Classroom Management

Relationships Matter More Than Rules

Community building in the classroom starts on day one. Try these strategies to begin forging strong relationships.

August 16, 2017
©Caia Images/500px

Learning doesn’t happen without relationships. In the classroom, rules matter, but as many of us have learned after a few years teaching, relationships matter much more. One way we can deepen our relationships with students is to share a bit about ourselves with them, and create opportunities for them to share with us—and each other.

Of course rules, routines, and policies are crucial to outline for your students on day one so they know what to expect. We learn early on in our careers as teachers that being firm and clear about classroom expectations from the start will make all the difference for the kind of year we will have.

But after sharing rules and expectations, how about transitioning into sharing a few slides and artifacts that tell students about you? There’s general information you can share (details about your family, where you went to school, jobs you had before teaching, etc.), but you can add a few more vulnerable glances into your life:

  • What struggles did you have growing up? As a student?
  • What do you value?
  • What do you love to do?
  • What would you change about the world if you were able?
  • If you knew it would work out, what are some risks you would take in life?

How about sharing some artifacts?
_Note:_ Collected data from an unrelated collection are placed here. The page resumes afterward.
Lemma sum_nth_eq (R : pzSemiRingType) (T : eqType) (x0 : T) (s : seq T) (x : T) :
  uniq s -> \sum_(j < size s) ((nth x0 s j == x)%:R : R) = (x \in s)%:R.
Proof.
elim: s => [|y s IH] /=; first by rewrite big_ord0.
move=> /andP[yNs s_uniq]; rewrite big_ord_recl /= IH // inE.
by case: (eqVneq y x) => [<-|_]; rewrite ?(negbTE yNs) ?addr0 ?add0r.
Qed.

Lemma sumB_setD (R : zmodType) (I : finType) (A B : {set I}) (F : I -> R) :
  \sum_(i in A :\: B) F i - \sum_(i in B :\: A) F i =
  \sum_(i in A) F i - \sum_(i in B) F i.
Proof.
rewrite (big_setID B (A := A)) (big_setID A (A := B)) /= setIC.
by rewrite opprD addrACA subrr add0r.
Qed.

Lemma sum_mul_indicator (R : pzSemiRingType) (I : finType) (S : {set I})
    (F : I -> R) x :
  \sum_(i in S) F i * (x == i)%:R = if x \in S then F x else 0.
Proof.
rewrite big_mkcond (bigD1 x) //= big1 => [|i /negbTE iNx]; last first.
  by rewrite eq_sym iNx mulr0 if_same.
by rewrite eqxx mulr1 addr0.
Qed.

Lemma disagreeIl (T : finType) (A B : {set {set T}}) :
  disagree A B :&: A = A :\: B.
Proof. by apply/setP => e; rewrite !inE; case: (e \in A); case: (e \in B). Qed.

Lemma disagreeIr (T : finType) (A B : {set {set T}}) :
  disagree A B :&: B = B :\: A.
Proof. by apply/setP => e; rewrite !inE; case: (e \in A); case: (e \in B). Qed.

Section DesignPositivity.
Variables (T : finType) (R : realFieldType) (p : R).
Hypothesis p01 : 0 < p < 1.

Lemma ap_step_ge0 a b : 0 <= ap_step p a b.
Proof.
by case/andP: p01 => p_gt0 p_lt1; case: a; case: b; rewrite //= ?subr_ge0 ltW.
Qed.

Lemma ap_step_gt0 a b : ~~ (a && b) -> 0 < ap_step p a b.
Proof. by case/andP: p01 => p_gt0 p_lt1; case: a; case: b; rewrite //= subr_gt0. Qed.

Lemma comp_pmf_ge0 k cyc w : 0 <= comp_pmf (T := T) p k cyc w.
Proof.
have /andP[p_gt0 _] := p01.
rewrite /comp_pmf !mulr_ge0 ?prodr_ge0 // => [|l _|].
- by case: ifP => _; rewrite divr_ge0 ?addr_ge0 ?ltW.
- exact: ap_step_ge0.
- by case: ifP; rewrite ?ler0n.
Qed.

(* The indicator vector with a single treated edge j; on a cycle the closing
   edge k-1 is forced to 1 as soon as both its neighbours 0 and k-2 are 0. *)
Definition ap_witness (k : nat) (cyc : bool) (j : nat) : nat -> bool :=
  fun l => (l == j) || [&& cyc, l == k.-1, j != 0%N & j != (k - 2)%N].

Lemma comp_pmf_witness_gt0 k (cyc : bool) j : (j < k)%N -> (cyc -> 1 < k)%N ->
  0 < comp_pmf (T := T) p k cyc (ap_witness k cyc j).
Proof.
move=> j_lt k_gt1; have /andP[p_gt0 _] := p01.
rewrite /comp_pmf /ap_witness !mulr_gt0 //.
- by case: ifP => _; rewrite divr_gt0 ?addr_gt0.
- rewrite big_seq; apply: prodr_gt0 => l; rewrite mem_index_iota => l_range.
  by apply: ap_step_gt0; case: cyc k_gt1 l_range => /= k_gt1; lia.
- by case: cyc k_gt1 => [/(_ isT) k_gt1|_] //; rewrite ltr0n lt0b; lia.
- rewrite big_seq; apply: prodr_gt0 => l; rewrite mem_index_iota => l_range.
  by rewrite ltr0n lt0b; lia.
Qed.
Lemma on_line_poles A u1 u2 u3 u4 q1 q2 x : A \in unitmx ->
  indep2 u1 u2 -> indep2 u3 u4 -> ~ same_line u1 u2 u3 u4 ->
  is_pole A u1 u2 q1 -> is_pole A u3 u4 q2 ->
  on_line q1 q2 x <-> bform A x (cross (cross u1 u2) (cross u3 u4)) = 0.
Proof.
move=> uA h12 h34 not_same pole1 pole2.
have [l1 l1_neq0 q1A] := is_pole_cross uA h12 pole1.
have [l2 l2_neq0 q2A] := is_pole_cross uA h34 pole2.
rewrite -(on_line_mulmx _ _ _ uA) q1A q2A on_line_scale //.
exact: on_line_cross (indep_cross h12 h34 not_same).
Qed.

Lemma concurrent_polars A (u1 v1 u2 v2 u3 v3 a1 a2 a3 : 'rV[R]_3) : A \in unitmx ->
  (forall x, on_line u1 v1 x <-> bform A x a1 = 0) ->
  (forall x, on_line u2 v2 x <-> bform A x a2 = 0) ->
  (forall x, on_line u3 v3 x <-> bform A x a3 = 0) ->
  concurrent u1 v1 u2 v2 u3 v3 <-> \det (rows3 a1 a2 a3) = 0.
Proof.
move=> uA m1 m2 m3; rewrite -det_tr; split.
  move=> [x [x_neq0 [/m1 xa1 [/m2 xa2 /m3 xa3]]]].
  apply/eqP/det0P; exists (x *m A); last exact/mulmx_tr_rows3_eq0.
  by apply: contra x_neq0 => /eqP xA0; rewrite -(mulmxK uA x) xA0 mul0mx.
move=> /eqP/det0P [y y_neq0 /mulmx_tr_rows3_eq0 [ya1 ya2 ya3]].
exists (y *m invmx A); split.
  by apply: contra y_neq0 => /eqP yA0; rewrite -(mulmxKV uA y) yA0 mul0mx.
by split; [apply/m1 | split; [apply/m2 | apply/m3]]; rewrite /bform mulmxKV.
Qed.

End Geometry.

Section Conics.
Variable R : realType.

Definition quad (c : 'rV[R]_6) (x : 'rV[R]_3) : R := \sum_(k < 6) c 0 k * veronese x k.

Lemma mulmx_conic_mx (c : 'rV[R]_6) (p : 'I_6 -> 'rV[R]_3) :
  c *m conic_mx p = \row_i quad c (p i).
Proof. by apply/rowP => i; rewrite !mxE; apply: eq_bigr => k _; rewrite mxE. Qed.

Definition conic_coef (C : 'M[R]_3) : 'rV[R]_6 :=
  \row_k [:: C 0 0; C 1 1; C 2 2; C 0 1 *+ 2; C 0 2 *+ 2; C 1 2 *+ 2]`_k.

Definition conic_of_coef (c : 'rV[R]_6) : 'M[R]_3 :=
  \matrix_(i, j) (nth [::] [:: [:: c 0 0; c 0 3 / 2; c 0 4 / 2];
                               [:: c 0 3 / 2; c 0 1; c 0 5 / 2];
                               [:: c 0 4 / 2; c 0 5 / 2; c 0 2]] i)`_j.

Lemma conic_of_coef_sym (c : 'rV[R]_6) : (conic_of_coef c)^T = conic_of_coef c.
Proof.
apply/matrixP => i j; rewrite !mxE.
by case: (ord3 i) => [|[|]] ->; case: (ord3 j) => [|[|]] ->.
Qed.

Lemma conic_of_coef0 : conic_of_coef 0 = 0.
Proof.
apply/matrixP => i j; rewrite !mxE.
by case: (ord3 i) => [|[|]] ->; case: (ord3 j) => [|[|]] -> /=; rewrite ?mxE ?mul0r.
Qed.

Lemma conic_of_coefK (c : 'rV[R]_6) : conic_coef (conic_of_coef c) = c.
Proof.
apply/rowP => k; rewrite !mxE.
by case: (ord6 k) => [|[|[|[|[|]]]]] -> /=; rewrite ?mxE /= //; field.
Qed.

Lemma conic_coefK (C : 'M[R]_3) : C^T = C -> conic_of_coef (conic_coef C) = C.
Proof.
move=> CT; have sym i j : C j i = C i j by rewrite -[in LHS]CT mxE.
apply/matrixP => i j; rewrite !mxE.
by case: (ord3 i) => [|[|]] ->; case: (ord3 j) => [|[|]] -> /=;
  rewrite ?mxE /= ?(sym 0 1) ?(sym 0 2) ?(sym 1 2) //; field.
Qed.

Lemma bform_conic_coef (C : 'M[R]_3) (x : 'rV[R]_3) :
  C^T = C -> bform C x x = quad (conic_coef C) x.
Proof.
move=> CT; have sym i j : C j i = C i j by rewrite -[in LHS]CT mxE.
rewrite /bform /quad sum6 mxE sum3 !mxE !sum3 /veronese /= (sym 0 1) (sym 0 2) (sym 1 2).
ring.
Qed.

Lemma on_conic_det (p : 'I_6 -> 'rV[R]_3) : on_conic p <-> \det (conic_mx p) = 0.
Proof.
split=> [[C [CT [C_neq0 pC]]]|/eqP/det0P [c c_neq0 cp0]].
  apply/eqP/det0P; exists (conic_coef C).
    by apply: contra C_neq0 => /eqP c0; rewrite -(conic_coefK CT) c0 conic_of_coef0.
  by rewrite mulmx_conic_mx; apply/rowP => i; rewrite !mxE -bform_conic_coef.
exists (conic_of_coef c); split; first exact: conic_of_coef_sym.
split.
  apply: contra c_neq0 => /eqP c0.
  by rewrite -(conic_of_coefK c) c0 -conic_of_coef0 conic_of_coefK.
move=> i; rewrite bform_conic_coef ?conic_of_coef_sym // conic_of_coefK.
by have := congr1 (fun M : 'rV[R]_6 => M 0 i) cp0; rewrite mulmx_conic_mx !mxE.
Qed.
A few of your all-time favorite books? What was your favorite at 12 years old? At 16? At 20? Bring copies of those books to show your students. Bringing in photos from your life is always a hit as well.

Why share yourself in this way? Showing our humanity to students allows us to be people and not just The Teacher. And in my observations and experience, to be loved by those whom you teach, you have to show vulnerability, at times reveal who you are, your feelings, challenges, hopes, cares, and dreams. We ask students to write essays and poems and speeches in which they share vulnerable aspects of themselves. As teachers, as members of a classroom community, shouldn’t we do the same?

Students Learning About Each Other

Once you’ve presented aspects of who you are, invite students to do the same. You’ve set the stage, showing some vulnerability and openness with them, so they see that this matters to you and that as a group you’re a class not simply of teacher and students, but of people.

Here are a few worthwhile activities for students to get to know each other and begin building relationships:

Good Things: Ask students to pair and share a good thing that happened for them or something that they’re looking forward to. It doesn’t have to be anything major—it can be something as simple as, “It’s taco night at my house tonight.” Perhaps someone’s sister just got married or someone’s birthday is in a week. Start each day or class period with Good Things, and as students get more comfortable with it, expand the groups to four or five students to help forge more community connections. You share too.

Create an “All About Me” Bag: Provide each student with a paper lunch bag. Ask them to decorate the outside with words or images of things they like or what others can easily see about them. Have them place several objects in the bag that represent or symbolize things not easily known about them (e.g., a pet toy that belongs to their cat, a photo of them playing soccer, etc.). If you make one yourself, you can share it in your introduction—it can serve as a model. Give class time for them to share with a partner and in small groups.

Just Like Me: An oldie but goodie, this community-building strategy allows students to see those students they have things in common with, or with whom they share similar traits. The teacher makes a statement, and those students it relates to stand up. For example, “Pizza is my favorite food,” “I’m glad to be back in school,” or “I am the youngest in my family.” After making a statement, ask students to look around to note those they have this in common with before sitting down. (You can do this activity over several days or sporadically, with new statements and ones that may go a little deeper.)

Artifact Sharing: Just as you might bring in some of your favorite childhood and teen books, invite students to bring in artifacts from their lives—photos, books, and awards—and share one-on-one, in small groups, or with the whole group.

Student Information Survey: Create a survey with age-appropriate and subject-appropriate questions. Have students complete it. Share with them that this is for you, the teacher, to get to know them. Before collecting it, however, ask students to choose two or three responses they’d like to share with others. Provide time for them to pair up or get in groups of three and share, for example, their favorite music, food, and subject in school.

Meaningful relationships matter for learning. The rules and policies you enforce are important for keeping a well-managed class. But rather than emphasizing control over your students, developing community and connection is a surefire ingredient for a good school year for all.